Kedro: Kedro with custom execution engine? (Ray)

Created on 7 Aug 2020 · 3Comments · Source: quantumblacklabs/kedro

Potential user here. I'm interested in using Kedro, but we use Ray Distributed instead of PySpark for our execution engine. Do your pipelines support this?

Question

Source

crypdick

Most helpful comment

Update: I confirmed that Ray works fine :)

crypdick on 9 Aug 2020

🚀2

All 3 comments

Hi, thank you for your interest for Kedro! We don't natively support Ray DataSet nor RayRunner so far, but you can add both as a custom dataset/runner.

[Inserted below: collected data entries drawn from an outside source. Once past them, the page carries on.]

Hypothesis Hmu : 0 < mu.
Hypothesis Htau : 0 <= tau <= T.
Hypothesis Hy0 : 0 < y.
Hypothesis HYy : Y tau < y.
Hypothesis Hya : y < ipart z + 4.
Hypothesis HYmono : forall s t, s <= t -> Y s <= Y t.
Hypothesis Hvpos : forall t x, Omega T Y t x -> 0 < v t x.
Hypothesis Hv0 : forall x, 0 < x -> v 0 x = v0 x.
Hypothesis Hu0 : forall x, 0 < x -> u 0 x = u0 x.
Hypothesis HPy : forall t x, Omega T Y t x ->
  derivable_pt_lim (fun r => Rg * th t r / v t r) x (Py t x).
Hypothesis HSy : forall t x, Omega T Y t x ->
  derivable_pt_lim (fun r => mu * uy t r / v t r) x (Sy t x).
Hypothesis Hvt : forall t x, 0 < t < T -> Y t < x ->
  derivable_pt_lim (fun s => v s x) t (vt t x).
Hypothesis Hut : forall t x, 0 < t < T -> Y t < x ->
  derivable_pt_lim (fun s => u s x) t (ut t x).
Hypothesis Hmass : forall t x, 0 < t < T -> Y t < x -> vt t x = uy t x.
Hypothesis Hmomentum : forall t x, 0 < t < T -> Y t < x -> ut t x + Py t x = Sy t x.
Hypothesis Cv : cont_on2 (Omega T Y) v.
Hypothesis Cu : cont_on2 (Omega T Y) u.
Hypothesis Cth : cont_on2 (Omega T Y) th.
Hypothesis Cuy : cont_on2 (Omega T Y) uy.
Hypothesis Cut : cont_on2 (Omega T Y) ut.

Let a := ipart z + 4.

Fact y_lt_a : y < a.
Proof. exact Hya. Qed.

Lemma Omega_rect s x : 0 <= s <= tau -> y <= x <= a + 1 -> Omega T Y s x.
Proof. intros Hs Hx. split; [lra |]. pose proof (HYmono s tau (proj2 Hs)). lra. Qed.

(* The restriction to [0, tau] x [y, a + 1], extended to be constant outside: it is continuous
   everywhere, as Coquelicot's lemmas on parametric integrals require. *)
Definition ext (f : R -> R -> R) (s x : R) : R := f (clamp 0 tau s) (clamp y (a + 1) x).

Lemma ext_eq f s x : 0 <= s <= tau -> y <= x <= a + 1 -> ext f s x = f s x.
Proof. intros Hs Hx. unfold ext. now rewrite !clamp_id. Qed.

Lemma continuity_2d_pt_ext f : cont_on2 (Omega T Y) f -> forall s x, continuity_2d_pt (ext f) s x.
Proof. pose proof y_lt_a. apply continuity_2d_pt_clamp; [lra | lra | exact Omega_rect]. Qed.

Lemma ext_v_pos s x : 0 < ext v s x.
Proof. pose proof y_lt_a. apply Hvpos, Omega_rect; apply clamp_in; lra. Qed.

Lemma derivable_pt_lim_ext_time f df s x : 0 < s < tau ->
  derivable_pt_lim (fun r => f r (clamp y (a + 1) x)) s df ->
  derivable_pt_lim (fun r => ext f r x) s df.
Proof.
  intros Hs. apply (derivable_pt_lim_locally_ext _ _ s 0 tau); [exact Hs |].
  intros r Hr. unfold ext. now rewrite (clamp_id 0 tau r) by lra.
Qed.

Definition flux (s x : R) : R := mu * ext uy s x / ext v s x - Rg * ext th s x / ext v s x.

Definition du_ramp (s x : R) : R := (ext u 0 x - ext u s x) * ramp a x.

Definition G (s : R) : R := RInt (du_ramp s) y (a + 1).

Definition Phi (s : R) : R := / mu * (G s + RInt (fun r => RInt (flux r) a (a + 1)) 0 s).

Lemma continuity_2d_pt_flux s x : continuity_2d_pt flux s x.
Proof.
  pose proof (ext_v_pos s x). unfold flux, Rdiv.
  apply continuity_2d_pt_minus; apply continuity_2d_pt_mult;
    try (apply continuity_2d_pt_inv; [apply continuity_2d_pt_ext, Cv | lra]);
    apply continuity_2d_pt_mult; try apply continuity_2d_pt_const; apply continuity_2d_pt_ext; auto.
Qed.

Lemma continuity_2d_pt_du_ramp s x : continuity_2d_pt du_ramp s x.
Proof.
  apply continuity_2d_pt_mult; [apply continuity_2d_pt_minus |].
  - apply continuity_2d_pt_const_fst, continuity_2d_pt_snd, continuity_2d_pt_ext, Cu.
  - apply continuity_2d_pt_ext, Cu.
  - apply continuity_2d_pt_const_fst, continuity_pt_ramp.
Qed.

Lemma Phi_0 : Phi 0 = 0.
Proof.
  unfold Phi, G. rewrite (RInt_point 0).
  rewrite (RInt_ext (du_ramp 0) (fun _ => 0))
    by (intros; unfold du_ramp; rewrite Rminus_eq_0; apply Rmult_0_l).
  rewrite RInt_const. change (/ mu * ((a + 1 - y) * 0 + 0) = 0). ring.
Qed.

Lemma continuity_pt_flux_integral r : continuity_pt (fun r => RInt (flux r) a (a + 1)) r.
Proof. apply continuity_pt_RInt_param; [lra | exact continuity_2d_pt_flux]. Qed.

Lemma continuity_pt_Phi s : continuity_pt Phi s.
Proof.
  apply continuity_pt_mult; [apply continuity_pt_const; now intros ? ? |].
  apply continuity_pt_plus.
  - apply continuity_pt_RInt_param; [pose proof y_lt_a; lra | exact continuity_2d_pt_du_ramp].
  - apply derivable_continuous_pt. eexists.
    apply derivable_pt_lim_RInt, continuity_pt_flux_integral.
Qed.

Lemma derivable_pt_lim_G s : 0 < s < tau ->
  derivable_pt_lim G s (RInt (fun x => - (ext ut s x * ramp a x)) y (a + 1)).
Proof.
  intros Hs.
  assert (Hd : 0 < Rmin s (tau - s)) by (apply Rmin_pos; lra).
  apply (derivable_pt_lim_RInt_param du_ramp (fun r x => - (ext ut r x * ramp a x))
           y (a + 1) s (mkposreal _ Hd)).
  - intros r x Hr. simpl in Hr. apply Rabs_def2 in Hr.
    pose proof (Rmin_l s (tau - s)). pose proof (Rmin_r s (tau - s)).
    replace (- (ext ut r x * ramp a x))
      with ((0 - ext ut r x) * ramp a x + (ext u 0 x - ext u r x) * 0) by ring.
    apply (derivable_pt_lim_mult (fun r => ext u 0 x - ext u r x) (fun _ => ramp a x));
      [| apply derivable_pt_lim_const].
    apply (derivable_pt_lim_minus (fun _ => ext u 0 x) (fun r => ext u r x));
      [apply derivable_pt_lim_const |].
    apply derivable_pt_lim_ext_time; [lra |].
    unfold ext. rewrite (clamp_id 0 tau r) by lra.
    pose proof y_lt_a. pose proof (clamp_in y (a + 1) x). pose proof (HYmono r tau).
    apply Hut; lra.
  - intros r x. apply continuity_2d_pt_opp, continuity_2d_pt_mult.
    + apply continuity_2d_pt_ext, Cut.
    + apply continuity_2d_pt_const_fst, continuity_pt_ramp.
  - intros r. apply ex_RInt_continuity_pt. intros x _.
    apply continuity_2d_pt_snd, continuity_2d_pt_du_ramp.
Qed.

(* The momentum equation [u_t = (mu u_y / v - P)_y] integrated against the ramp. *)
Lemma flux_balance s : 0 < s < tau ->
  RInt (fun x => - (ext ut s x * ramp a x)) y (a + 1) = flux s y - RInt (flux s) a (a + 1).
Proof.
  intros Hs. pose proof y_lt_a.
  set (F := fun x => mu * uy s x / v s x - Rg * th s x / v s x).
  assert (Hbox : forall x, y <= x <= a + 1 -> Omega T Y s x) by (intros; apply Omega_rect; lra).
  assert (Hext : forall f x, Rmin y (a + 1) < x < Rmax y (a + 1) -> ext f s x = f s x).
  { intros f x Hx. rewrite Rmin_left, Rmax_right in Hx by lra. apply ext_eq; lra. }
  assert (HF : RInt (fun x => ut s x * ramp a x) y (a + 1) = RInt F a (a + 1) - F y).
  { apply RInt_mult_ramp; [lra | intros x Hx | intros x Hx].
    - destruct (Hbox x Hx) as [_ HYx].
      replace (ut s x) with (Sy s x - Py s x) by (pose proof (Hmomentum s x); lra).
      apply derivable_pt_lim_minus; [apply HSy | apply HPy]; auto.
    - apply (continuity_pt_Omega_slice T Y); auto. }
  rewrite (RInt_ext _ (fun x => - (ut s x * ramp a x))) by (intros x Hx; now rewrite Hext).
  rewrite (@RInt_opp R_CompleteNormedModule (fun x => ut s x * ramp a x)).
  2: { apply ex_RInt_continuity_pt. rewrite Rmin_left, Rmax_right by lra. intros x Hx.
       apply continuity_pt_mult; [apply (continuity_pt_Omega_slice T Y); auto |].
       apply continuity_pt_ramp. }
  change (- RInt (fun x => ut s x * ramp a x) y (a + 1) = flux s y - RInt (flux s) a (a + 1)).
  rewrite HF, (RInt_ext (flux s) F).
  - unfold flux, F. rewrite !ext_eq by lra. ring.
  - rewrite Rmin_left, Rmax_right by lra. intros x Hx.
    unfold flux, F. rewrite !ext_eq by lra. reflexivity.
Qed.

Lemma derivable_pt_lim_Phi s : 0 < s < tau -> derivable_pt_lim Phi s (flux s y / mu).
Proof.
  intros Hs.
  replace (flux s y / mu)
    with (/ mu * ((flux s y - RInt (flux s) a (a + 1)) + RInt (flux s) a (a + 1)))
    by (field; lra).
  apply derivable_pt_lim_scal, derivable_pt_lim_plus.
  - rewrite <- flux_balance by exact Hs. apply derivable_pt_lim_G, Hs.
  - apply (derivable_pt_lim_RInt (fun r => RInt (flux r) a (a + 1))), continuity_pt_flux_integral.
Qed.

Lemma Bz_eq s : 0 <= s <= tau -> Bz mu v0 u0 u z s y = v0 y * exp (/ mu * G s).
Proof.
  intros Hs. pose proof y_lt_a.
  assert (E : forall x, Rmin y (a + 1) < x < Rmax y (a + 1) ->
            du_ramp s x = (u0 x - u s x) * phi z x).
  { intros x Hx. rewrite Rmin_left, Rmax_right in Hx by lra.
    unfold du_ramp. rewrite phi_ramp, !ext_eq, Hu0 by lra. reflexivity. }
  unfold Bz, G. do 3 f_equal. rewrite (RInt_ext _ _ _ _ E).
  apply RInt_inf_compact_support; [lra | intros x Hx |].
  - rewrite phi_ramp. fold a.
    replace (ramp a x) with 0 by (unfold ramp, clamp, Rmax, Rmin; repeat destruct Rle_dec; lra).
    apply Rmult_0_r.
  - apply (ex_RInt_ext _ _ _ _ E), ex_RInt_continuity_pt. intros x _.
    apply continuity_2d_pt_snd, continuity_2d_pt_du_ramp.
Qed.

See https://kedro.readthedocs.io/en/latest/06_nodes_and_pipelines/02_pipelines.html?#using-a-custom-runner for using a custom runner, and https://kedro.readthedocs.io/en/latest/07_extend_kedro/01_custom_datasets.html for custom dataset.

921kiyo on 7 Aug 2020

👍2

Update: I confirmed that Ray works fine :)

crypdick on 9 Aug 2020

🚀2

Just a quick note on this. @crypdick followed this tutorial from @dataengineerone, except instead of using multiprocessing inside each node he used ray.

Thanks for investigating this @crypdick ✨